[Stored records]
=-=-=

(* J(theta) = - d u / d theta^T : entry (i,j) is - d u_i / d theta_j. *)
Definition jacobianN (R : realType) (p : nat) (f : 'cV[R]_p -> 'cV[R]_p)
    (theta : 'cV[R]_p) : 'M[R]_p :=
  \matrix_(i < p, j < p) - ('D_(delta_mx j 0) f theta) i 0.

(* Outer and inner probability of an arbitrary (possibly non-measurable) event. *)
Definition Pout d (T : measurableType d) (R : realType) (P : probability T R)
    (A : set T) : \bar R :=
  ereal_inf [set P B | B in [set B | measurable B /\ A `<=` B]].

Definition Pin d (T : measurableType d) (R : realType) (P : probability T R)
    (A : set T) : \bar R :=
  ereal_sup [set P B | B in [set B | measurable B /\ B `<=` A]].

(* Fix n and write theta = th0 + W x with th0 = theta*_n and W = V^-1, so that the
   estimating equation becomes F x := W u(th0 + W x) = 0, with derivative -A for the
   scaled Jacobian A = W J W. Outside three exceptional events of outer probability
   at most eps/4 each, (G2)-(G4) give: y^T A(th0) y >= l |y|^2, the entries of
   A(theta) - A(th0) are below eta on the ball |x| <= D, and |F 0| <= c.
   With p eta <= l/2 the matrix A stays coercive (constant l/2) on the ball, so the
   mean value theorem gives x.F x <= x.F 0 - l/2 |x|^2, and for D = 4(|c|+1)/l this
   forces |F x|^2 > |F 0|^2 on the sphere |x| = D. Hence |F|^2 attains its minimum
   over the ball at an interior point, where its derivative along F itself,
   -2 F^T A F, vanishes; coercivity then yields F = 0. *)

From HB Require Import structures.
From mathcomp Require Import all_boot all_order all_algebra.
From mathcomp Require Import all_classical all_reals all_analysis.
From mathcomp Require Import ring lra.
Set Implicit Arguments. Unset Strict Implicit. Unset Printing Implicit Defensive.
Import Order.TTheory GRing.Theory Num.Theory.
Import numFieldNormedType.Exports.
Local Open Scope classical_set_scope.
Local Open Scope ring_scope.

Section LinearMaps.
Variable R : realType.

Lemma linear_mx_bound m n (W : normedModType R)
    (g : {linear 'M[R]_(m, n) -> W}) (x : 'M[R]_(m, n)) :
  `|g x| <= (\sum_(i < m) \sum_(j < n) `|g (delta_mx i j)|) * `|x|.
Proof.
rewrite {1}(matrix_sum_delta x) linear_sum (le_trans (ler_norm_sum _ _ _))//.
rewrite mulr_suml ler_sum// => i _.
rewrite linear_sum (le_trans (ler_norm_sum _ _ _))// mulr_suml ler_sum// => j _.
rewrite linearZ normrZ mulrC ler_wpM2l//.
by rewrite [leRHS]/Num.Def.normr /= mx_normrE; exact: (le_bigmax _ _ (i, j)).
Qed.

=-=-=

Requirement: From the entries above, say how many lines contain "Scope". Only the number is wanted.

Solved exercise: 2